The subject matter is striking, and a title card informing us that 1,100 people have suffered this human rights nightmare since September 2001 is enough to make anyone queasy regardless of your political leanings on the issue. Yet Threapelton’s script is too much of a left wing simplification of the issue. Zaafir is a politics lecturer who stretches his student’s minds on contemporary issues as he hovers in front of a blackboard with “terrorist or freedom fighter?” in big chalk letters. He’s also a Muslim with a white Catholic wife (Ania Sowinski) who manages to fit basketball and prayer into his daily schedule. He’s perfect character pulpit from which to preach, and even if Threapelton’s message is one I entirely agree with, there is a very one minded account. The scenes of post-rendition Zaafir attending hate marches with Berdouni’s wonderfully expressive eyes now filled with hate feel a little too easy and neat an ending.

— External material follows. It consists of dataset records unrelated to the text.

(* Let $K\in\mathbb{N}_+$, let $\mathcal{H}$ be a separable real RKHS over a non-empty set $\mathcal{X}$ with reproducing kernel $\kappa$ that admits a complete interpolating sampling sequence $\{x_\lambda\}_{\lambda\in\Lambda}\subseteq\mathcal{X}$, and let $\mathcal{K}\subseteq\mathcal{H}$ be non-empty and locally compact. Then the set of restrictions to $\mathcal{K}$ of sampling-based neural operators $\hat f:\mathcal{H}\to\mathbb{R}^K$ is dense in $C(\mathcal{K},\mathbb{R}^K)$ for the compact-open topology (uniform convergence on compact subsets).
   Context: A sequence $\{x_\lambda\}_{\lambda\in\Lambda}\subseteq\mathcal{X}$, $\Lambda\subseteq\mathbb{N}$, is sampling if there is $C\ge1$ with $\|f\|/C\le(\sum_{\lambda}|f(x_\lambda)|^2)^{1/2}\le C\|f\|$ for all $f\in\mathcal{H}$; it is interpolating if for every square-summable $(v_\lambda)$ there is $f\in\mathcal{H}$ with $f(x_\lambda)=v_\lambda$ for all $\lambda$; complete interpolating sampling means both. A map $\hat f:\mathcal{H}\to\mathbb{R}^K$ is a sampling-based neural operator (SNO) if there exist $S,L\in\mathbb{N}_+$, points $x_1,\dots,x_S\in\mathcal{X}$, integers $d_0=S,d_1,\dots,d_{L+1}=K$ and affine maps $A_l:\mathbb{R}^{d_l}\to\mathbb{R}^{d_{l+1}}$ such that for all $f\in\mathcal{H}$, $\hat f(f)=A_L\circ(\mathrm{ReLU}\bullet A_{L-1})\circ\cdots\circ(\mathrm{ReLU}\bullet A_1)\big((\langle f,\kappa(\cdot,x_s)\rangle_{\mathcal{H}})_{s=1}^S\big)$, with $\mathrm{ReLU}(t)=\max\{t,0\}$ applied componentwise. *)

From HB Require Import structures.
From mathcomp Require Import all_boot all_order all_algebra.
From mathcomp Require Import all_classical all_reals all_analysis.
Set Implicit Arguments. Unset Strict Implicit. Unset Printing Implicit Defensive.
Import Order.TTheory GRing.Theory Num.Theory.
Import numFieldNormedType.Exports.
Local Open Scope classical_set_scope.
Local Open Scope ring_scope.

Section Defs.
Variable R : realType.

(* [ip] is an inner product on the normed space [V] inducing its norm.
   Together with [V : completeNormedModType R] this makes V a real Hilbert space. *)
Definition inner_product_inducing_norm (V : normedModType R) (ip : V -> V -> R) :=
  [/\ (forall u v, ip u v = ip v u),
      (forall (a : R) u v w, ip (a *: u + v) w = a * ip u w + ip v w)
    & (forall v, ip v v = `|v| ^+ 2)].

Definition separable_space (T : topologicalType) :=
  exists D : set T, countable D /\ dense D.

(* V is (identified, via the injective linear map [ev], with) a space of real
   functions on X; [kappa] is the reproducing kernel: for each x, the function
   kappa(.,x) is the element [ksec x] of V, and <f, kappa(.,x)> = f(x). *)
Definition is_RKHS (X : Type) (V : normedModType R) (ip : V -> V -> R)
    (ev : V -> X -> R) (kappa : X -> X -> R) (ksec : X -> V) :=
  [/\ inner_product_inducing_norm ip,
      (forall (a : R) u v x, ev (a *: u + v) x = a * ev u x + ev v x),
      injective ev,
      (forall x y, ev (ksec x) y = kappa y x)
    & (forall f x, ip f (ksec x) = ev f x)].

(* sampling: exists C >= 1, ||f||/C <= (sum_{l in Lam} |f(x_l)|^2)^(1/2) <= C ||f||
   (stated after squaring, in the extended reals, so the sum may be infinite a priori) *)
Definition sampling_seq (X : Type) (V : normedModType R) (ev : V -> X -> R)
    (Lam : set nat) (xs : nat -> X) :=
  exists C : R, 1 <= C /\
    forall f : V,
      (((`|f| / C) ^+ 2)%:E <= \esum_(l in Lam) ((ev f (xs l)) ^+ 2)%:E)%E /\
      (\esum_(l in Lam) ((ev f (xs l)) ^+ 2)%:E <= ((C * `|f|) ^+ 2)%:E)%E.

Definition interpolating_seq (X : Type) (V : normedModType R) (ev : V -> X -> R)
    (Lam : set nat) (xs : nat -> X) :=
  forall v : nat -> R,
    (\esum_(l in Lam) ((v l) ^+ 2)%:E < +oo)%E ->
    exists f : V, forall l, Lam l -> ev f (xs l) = v l.

Definition complete_interpolating_sampling (X : Type) (V : normedModType R)
    (ev : V -> X -> R) (Lam : set nat) (xs : nat -> X) :=
  sampling_seq ev Lam xs /\ interpolating_seq ev Lam xs.

Definition locally_compact_subset (T : topologicalType) (A : set T) :=
  forall a, A a -> exists2 N, nbhs a N &
    exists C : set T, [/\ compact C, C `<=` A & N `&` A `<=` C].

(* [net n m]: a map R^n -> R^m of the form A_L o (ReLU o A_{L-1}) o ... o (ReLU o A_1),
   L >= 1, with affine maps A_l (vectors are row vectors, A(x) = x *m W + b). *)
Inductive net : nat -> nat -> Type :=
  | NOut n m : 'M[R]_(n, m) -> 'rV[R]_m -> net n m
  | NLayer n k m : 'M[R]_(n, k) -> 'rV[R]_k -> net k m -> net n m.

Definition relu_vec k (x : 'rV[R]_k) : 'rV[R]_k := \row_j Num.max (x 0 j) 0.

Fixpoint net_eval n m (N : net n m) : 'rV[R]_n -> 'rV[R]_m :=
  match N in net n m return 'rV[R]_n -> 'rV[R]_m with
  | NOut _ _ W b => fun x => x *m W + b
  | NLayer _ _ _ W b N' => fun x => net_eval N' (relu_vec (x *m W + b))
  end.

Definition is_SNO (X : Type) (V : normedModType R) (ip : V -> V -> R)
    (ksec : X -> V) (Kout : nat) (F : V -> 'rV[R]_Kout) :=
  exists S : nat, (0 < S)%N /\
    exists (xs : 'I_S -> X) (N : net S Kout),
      forall f : V, F f = net_eval N (\row_s ip f (ksec (xs s))).

End Defs.

From HB Require Import structures.
From mathcomp Require Import all_boot all_order all_algebra.
From mathcomp Require Import all_classical all_reals all_analysis.
From mathcomp Require Import ring lra.
Import Order.TTheory GRing.Theory Num.Theory.
Import numFieldNormedType.Exports.
Local Open Scope classical_set_scope.
Local Open Scope ring_scope.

On the plus side Threapelton emerges from EIFF as another excellent first time director and lead actor Berdouni is surely one of the finest young actors working today, and thankfully he makes brave choices. It’s thanks to him that Zaafir emerges as a likeable character whose fate we become attached to; he has a natural magnetism that overcomes the cipher like character and his chemistry with on screen wife Sowinski is really engaging. Extraordinary Rendition is an important story made by tremendously talented individuals, yet the issue is far more complicated than simply ‘rendition creates terrorists, even out of uber-liberals.’